Below are entries; output exactly the lines from the one with "is_decomp P x (undup" to the one with "Let P0 : forall", both included, and nothing else.

* _Stored entries_
*-*-*

(* Let $R$ be a commutative ring and let $(A,d)$ be a left dg-semiprimary differential graded $R$-algebra. Then: (1) every dg-simple left dg-module $(S,\delta)$ over $(A,d)$ is acyclic; (2) for every dg-maximal left dg-ideal $M$ of $(A,d)$, the inclusion induces an isomorphism $H(M,d)\cong H(A,d)$; (3) if the dg-ideal $(\mathrm{dgrad}_2(A),d)$ is acyclic, then $(A,d)$ is acyclic.
   Context: A differential graded (dg) $R$-algebra $(A,d)$ is a $\mathbb{Z}$-graded $R$-algebra $A$ with an $R$-linear degree-$1$ endomorphism $d$, $d^2=0$, $d(ab)=d(a)b+(-1)^{|a|}a\,d(b)$ for homogeneous $a,b$. A left dg-module $(M,\delta)$ is a graded left $A$-module with a degree-$1$ map $\delta$, $\delta^2=0$, $\delta(am)=d(a)m+(-1)^{|a|}a\,\delta(m)$; dg-submodules are graded submodules stable under $\delta$; $(S,\delta)$ is dg-simple if $S\ne0$ and its only dg-submodules are $0,S$. A left dg-ideal is a dg-submodule of $A$; it is dg-maximal if it is a proper left dg-ideal maximal among proper left dg-ideals. An object is acyclic if its homology $\ker/\operatorname{im}$ vanishes. The dg-radical is $\mathrm{dgrad}_2(A)=\bigcap_{(S,\delta)}\operatorname{ann}(S,\delta)$, the intersection over all dg-simple left dg-modules of their left annihilators in $A$; it is a two-sided dg-ideal. $(A,d)$ is left dg-semiprimary if (i) the dg-algebra $(A/\mathrm{dgrad}_2(A),\bar d)$ is semisimple in the categorical sense, i.e. every short exact sequence of left dg-modules over it splits, and (ii) every homogeneous idempotent of $A/\mathrm{dgrad}_2(A)$ is the image of a homogeneous idempotent of $A$ under the natural map. *)

From HB Require Import structures.
From mathcomp Require Import all_boot all_order all_algebra.
Set Implicit Arguments. Unset Strict Implicit. Unset Printing Implicit Defensive.
Import Order.TTheory GRing.Theory Num.Theory.
Local Open Scope ring_scope.

(* Conventions: subsets ("predicates") are Prop-valued, [V -> Prop].
   A Z-grading of an additive group V is a family [P : int -> V -> Prop]
   of homogeneous components. *)

Definition ksign (A : pzRingType) (n : int) : A := (-1) ^+ `|n|%N.

(* V is the internal direct sum of the subgroups P n (n : int). *)
Definition graded_decomposition (V : zmodType) (P : int -> V -> Prop) : Prop :=
  (forall n, P n 0) /\
  (forall n x y, P n x -> P n y -> P n (x + y)) /\
  (forall n x, P n x -> P n (- x)) /\
  (forall x : V, exists (s : seq int) (f : int -> V),
      (forall n, P n (f n)) /\ x = \sum_(n <- s) f n) /\
  (forall (s : seq int) (f : int -> V), uniq s -> (forall n, P n (f n)) ->
      \sum_(n <- s) f n = 0 -> forall n, n \in s -> f n = 0).

Section DG.
Variables (R : comPzRingType) (A : algType R).

Definition is_dg_algebra (gr : int -> A -> Prop) (d : A -> A) : Prop :=
  graded_decomposition gr /\
  (forall n (r : R) a, gr n a -> gr n (r *: a)) /\
  gr 0 1 /\
  (forall i j a b, gr i a -> gr j b -> gr (i + j) (a * b)) /\
  (forall a b, d (a + b) = d a + d b) /\
  (forall (r : R) a, d (r *: a) = r *: d a) /\
  (forall n a, gr n a -> gr (n + 1) (d a)) /\
  (forall a, d (d a) = 0) /\
  (forall n a b, gr n a -> d (a * b) = d a * b + ksign A n * a * d b).

Definition is_dg_module (gr : int -> A -> Prop) (d : A -> A)
    (M : lmodType A) (grM : int -> M -> Prop) (delta : M -> M) : Prop :=
  graded_decomposition grM /\
  (forall n (r : R) m, grM n m -> grM n ((r%:A : A) *: m)) /\
  (forall i j (a : A) (m : M), gr i a -> grM j m -> grM (i + j) (a *: m)) /\
  (forall m1 m2, delta (m1 + m2) = delta m1 + delta m2) /\
  (forall n m, grM n m -> grM (n + 1) (delta m)) /\
  (forall m, delta (delta m) = 0) /\
  (forall n (a : A) (m : M), gr n a ->
      delta (a *: m) = d a *: m + ksign A n *: (a *: delta m)).

Definition is_dg_submodule (M : lmodType A) (grM : int -> M -> Prop)
    (delta : M -> M) (N : M -> Prop) : Prop :=
  N 0 /\
  (forall x y, N x -> N y -> N (x + y)) /\
  (forall (a : A) x, N x -> N (a *: x)) /\
  (forall x, N x -> exists (s : seq int) (f : int -> M),
      (forall n, grM n (f n) /\ N (f n)) /\ x = \sum_(n <- s) f n) /\
  (forall x, N x -> N (delta x)).

Definition dg_simple (M : lmodType A) (grM : int -> M -> Prop)
    (delta : M -> M) : Prop :=
  (exists m : M, m <> 0) /\
  forall N : M -> Prop, is_dg_submodule grM delta N ->
    (forall m, N m -> m = 0) \/ (forall m, N m).

Definition is_left_dg_ideal (gr : int -> A -> Prop) (d : A -> A)
    (I : A -> Prop) : Prop :=
  @is_dg_submodule A^o gr d I.

Definition is_dg_maximal (gr : int -> A -> Prop) (d : A -> A)
    (I : A -> Prop) : Prop :=
  is_left_dg_ideal gr d I /\ (exists a, ~ I a) /\
  forall J : A -> Prop, is_left_dg_ideal gr d J -> (exists a, ~ J a) ->
    (forall a, I a -> J a) -> forall a, J a -> I a.

Definition dgrad2 (gr : int -> A -> Prop) (d : A -> A) (x : A) : Prop :=
  forall (S : lmodType A) (grS : int -> S -> Prop) (delta : S -> S),
    is_dg_module gr d grS delta -> dg_simple grS delta ->
    forall s : S, x *: s = 0.

Definition acyclic_on (V : zmodType) (N : V -> Prop) (delta : V -> V) : Prop :=
  forall x, N x -> delta x = 0 -> exists y, N y /\ x = delta y.

Definition acyclic (V : zmodType) (delta : V -> V) : Prop :=
  acyclic_on (fun _ => True) delta.

Definition is_dg_morphism (gr : int -> A -> Prop) (d : A -> A)
    (M1 M2 : lmodType A) (gr1 : int -> M1 -> Prop) (delta1 : M1 -> M1)
    (gr2 : int -> M2 -> Prop) (delta2 : M2 -> M2) (f : M1 -> M2) : Prop :=
  (forall x y, f (x + y) = f x + f y) /\
  (forall (a : A) x, f (a *: x) = a *: f x) /\
  (forall n x, gr1 n x -> gr2 n (f x)) /\
  (forall x, f (delta1 x) = delta2 (f x)).

(* A left dg-module over A/I (I a two-sided dg-ideal) is the same thing as
   a left dg-module over A annihilated by I.  The quotient (A/I, d) is
   semisimple iff every short exact sequence of such dg-modules splits. *)
Definition quotient_dg_semisimple (gr : int -> A -> Prop) (d : A -> A)
    (I : A -> Prop) : Prop :=
  forall (M1 M2 M3 : lmodType A)
    (gr1 : int -> M1 -> Prop) (delta1 : M1 -> M1)
    (gr2 : int -> M2 -> Prop) (delta2 : M2 -> M2)
    (gr3 : int -> M3 -> Prop) (delta3 : M3 -> M3)
    (f : M1 -> M2) (g : M2 -> M3),
    is_dg_module gr d gr1 delta1 -> is_dg_module gr d gr2 delta2 ->
    is_dg_module gr d gr3 delta3 ->
    (forall x, I x -> forall m : M1, x *: m = 0) ->
    (forall x, I x -> forall m : M2, x *: m = 0) ->
    (forall x, I x -> forall m : M3, x *: m = 0) ->
    is_dg_morphism gr d gr1 delta1 gr2 delta2 f ->
    is_dg_morphism gr d gr2 delta2 gr3 delta3 g ->
    injective f -> (forall z, exists y, g y = z) ->
    (forall y, g y = 0 <-> exists x, y = f x) ->
    exists s : M3 -> M2,
      is_dg_morphism gr d gr3 delta3 gr2 delta2 s /\ (forall z, g (s z) = z).

(* Homogeneous idempotents of A/I lift to homogeneous idempotents of A.
   A homogeneous element of A/I of degree n is the class of some x in A_n;
   it is idempotent iff x*x - x lies in I. *)
Definition lift_hom_idempotents (gr : int -> A -> Prop) (I : A -> Prop) : Prop :=
  forall n x, gr n x -> I (x * x - x) ->
    exists m e, gr m e /\ e * e = e /\ I (e - x).

Definition left_dg_semiprimary (gr : int -> A -> Prop) (d : A -> A) : Prop :=
  quotient_dg_semisimple gr d (dgrad2 gr d) /\
  lift_hom_idempotents gr (dgrad2 gr d).

End DG.

(* Let J = dgrad_2(A).  Semisimplicity of A/J forces every dg-module N
   annihilated by J to be acyclic: the sequence 0 -> N[1] -> cone(id_N) -> N -> 0
   splits, and a dg-splitting of it is a contracting homotopy of N.  Dg-simple
   modules are annihilated by J, whence (1).  If P is a dg-submodule of N with
   J N <= P, acyclicity of N/P says that every x with dx in P is a boundary
   modulo P.  Applied to a dg-maximal left ideal M, which contains J because
   A/M is dg-simple, this gives H(M) = H(A), i.e. (2); applied to P = J it lifts
   acyclicity from J to A, i.e. (3). *)

From HB Require Import structures.
From mathcomp Require Import all_boot all_order all_algebra.
From mathcomp Require Import zify.
From Stdlib Require Import ClassicalEpsilon FunctionalExtensionality.
From Stdlib Require Import PropExtensionality Classical.
Import GRing.Theory.
Local Open Scope ring_scope.
Set Implicit Arguments. Unset Strict Implicit. Unset Printing Implicit Defensive.

(** * Graded decompositions and the parity involution *)

Lemma big_support (I : eqType) (V : nmodType) (s t : seq I) (f : I -> V) :
  uniq s -> uniq t -> {subset s <= t} -> (forall i, i \notin s -> f i = 0) ->
  \sum_(i <- t) f i = \sum_(i <- s) f i.
Proof.
move=> us ut st f0.
rewrite (bigID (mem s)) /= [X in _ + X]big1 ?addr0; last by move=> i /f0.
rewrite -big_filter; apply: perm_big; apply: uniq_perm; rewrite ?filter_uniq //.
by move=> i; rewrite mem_filter andb_idr //; apply: st.
Qed.

Definition ksignv (V : zmodType) (n : int) (v : V) : V := if odd `|n|%N then - v else v.

Section KoszulSign.
Variable V : zmodType.
Implicit Types (n : int) (v w : V).

Lemma ksignvD n v w : ksignv n (v + w) = ksignv n v + ksignv n w.
Proof. by rewrite /ksignv; case: (odd _); rewrite ?opprD. Qed.

Lemma ksignv0 n : ksignv n (0 : V) = 0.
Proof. by rewrite /ksignv; case: (odd _); rewrite ?oppr0. Qed.

Lemma ksignvK n : involutive (@ksignv V n).
Proof. by move=> v; rewrite /ksignv; case: (odd _); rewrite ?opprK. Qed.

Lemma ksignvS n v : ksignv (n + 1) v = - ksignv n v.
Proof.
rewrite /ksignv; have -> : odd `|(n + 1)%R|%N = ~~ odd `|n|%N by lia.
by case: (odd _); rewrite ?opprK.
Qed.

Lemma ksignv_add m n v : ksignv (m + n) v = ksignv m (ksignv n v).
Proof.
rewrite /ksignv; have -> : odd `|(m + n)%R|%N = odd `|m|%N (+) odd `|n|%N by lia.
by case: (odd `|m|%N); case: (odd `|n|%N); rewrite ?opprK.
Qed.

End KoszulSign.

Lemma ksignE (A : pzRingType) (M : lmodType A) n (m : M) : ksign A n *: m = ksignv n m.
Proof. by rewrite /ksign -signr_odd scaler_sign. Qed.

Definition is_decomp (V : zmodType) (P : int -> V -> Prop) (x : V) (s : seq int)
    (f : int -> V) :=
  [/\ uniq s, forall n, P n (f n), forall n, n \notin s -> f n = 0
     & x = \sum_(n <- s) f n].

Lemma decomp_widen (V : zmodType) (P : int -> V -> Prop) x s f t :
  is_decomp P x s f -> uniq t -> {subset s <= t} -> is_decomp P x t f.
Proof.
move=> [us Pf f0 ->] ut st; split=> //; last by rewrite (big_support us ut st f0).
by move=> n /(contra (st n)) /f0.
Qed.

Lemma decomp_cover (V W : zmodType) (P : int -> V -> Prop) (Q : int -> W -> Prop)
    x s f y t g : is_decomp P x s f -> is_decomp Q y t g ->
  is_decomp P x (undup (s ++ t)) f /\ is_decomp Q y (undup (s ++ t)) g.
Proof.
move=> Dx Dy; split; [apply: (decomp_widen Dx) | apply: (decomp_widen Dy)];
  by rewrite ?undup_uniq // => k k_in; rewrite mem_undup mem_cat k_in ?orbT.
Qed.

Section Decompositions.
Variables (V : zmodType) (P : int -> V -> Prop).
Hypothesis HP : graded_decomposition P.

Let P0 : forall n, P n 0. Proof. by case: HP. Qed.
Let PD : forall n x y, P n x -> P n y -> P n (x + y). Proof. by case: HP => _ []. Qed.
Let PN : forall n x, P n x -> P n (- x). Proof. by case: HP => _ [_ []]. Qed.

Lemma decomp_collect (Q : V -> Prop) : Q 0 -> (forall x y, Q x -> Q y -> Q (x + y)) ->
  forall l : seq (int * V), (forall p, p \in l -> P p.1 p.2 /\ Q p.2) ->
  exists s f, [/\ uniq s, forall n, P n (f n) /\ Q (f n),
     forall n, n \notin s -> f n = 0 & \sum_(p <- l) p.2 = \sum_(n <- s) f n].
Proof.
move=> Q0 QD; elim=> [|[n v] l IH] Hl.
  by exists [::], (fun _ => 0); split => //; rewrite !big_nil.
have [|s [f [us Pf f0 E]]] := IH.
  by move=> p pl; apply: Hl; rewrite in_cons pl orbT.
have [Pv Qv] := Hl (n, v) (mem_head _ _); rewrite big_cons E /=.
case ns: (n \in s).
  exists s, (fun k => if k == n then v + f n else f k); split => //.
  - move=> k; case: eqP => [->|_]; last exact: Pf.
    by have [? ?] := Pf n; split; [apply: PD|apply: QD].
  - by move=> k ks; case: eqP => [kn|_]; [rewrite kn ns in ks|apply: f0].
  rewrite (bigD1_seq n) //= (bigD1_seq n ns us) /= eqxx addrA; congr (_ + _).
  by apply: eq_bigr => k /negbTE ->.
exists (n :: s), (fun k => if k == n then v else f k); split => /=.
- by rewrite ns.
- by move=> k; case: eqP => [->|_]; [split|apply: Pf].
- by move=> k; rewrite in_cons negb_or => /andP [/negbTE -> /f0].
rewrite big_cons eqxx; congr (_ + _); rewrite big_seq_cond [RHS]big_seq_cond.
by apply: eq_bigr => k /andP [ks _]; case: eqP => // kn; rewrite kn ns in ks.
Qed.

Lemma decomp_exists x : exists s f, is_decomp P x s f.
Proof.
have [_ [_ [_ [/(_ x) [s [f [Pf ->]]] _]]]] := HP.
have [|t [g [ut Pg g0 E]]] := @decomp_collect (fun _ => True) I (fun _ _ _ _ => I)
   [seq (n, f n) | n <- s]; first by move=> p /mapP [n _ ->].
by exists t, g; split => // [n|]; [case: (Pg n)|rewrite -E big_map].
Qed.

Lemma decompD x y s f g : is_decomp P x s f -> is_decomp P y s g ->
  is_decomp P (x + y) s (fun n => f n + g n).
Proof.
move=> [us Pf f0 ->] [_ Pg g0 ->]; split=> // [n|n ns|]; first exact: PD.
  by rewrite f0 ?g0 ?addr0.
by rewrite big_split.
Qed.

*-*-*

* _The completed task_
  is_decomp P x (undup (s ++ t)) f /\ is_decomp Q y (undup (s ++ t)) g.
Proof.
move=> Dx Dy; split; [apply: (decomp_widen Dx) | apply: (decomp_widen Dy)];
  by rewrite ?undup_uniq // => k k_in; rewrite mem_undup mem_cat k_in ?orbT.
Qed.

Section Decompositions.
Variables (V : zmodType) (P : int -> V -> Prop).
Hypothesis HP : graded_decomposition P.

Let P0 : forall n, P n 0. Proof. by case: HP. Qed.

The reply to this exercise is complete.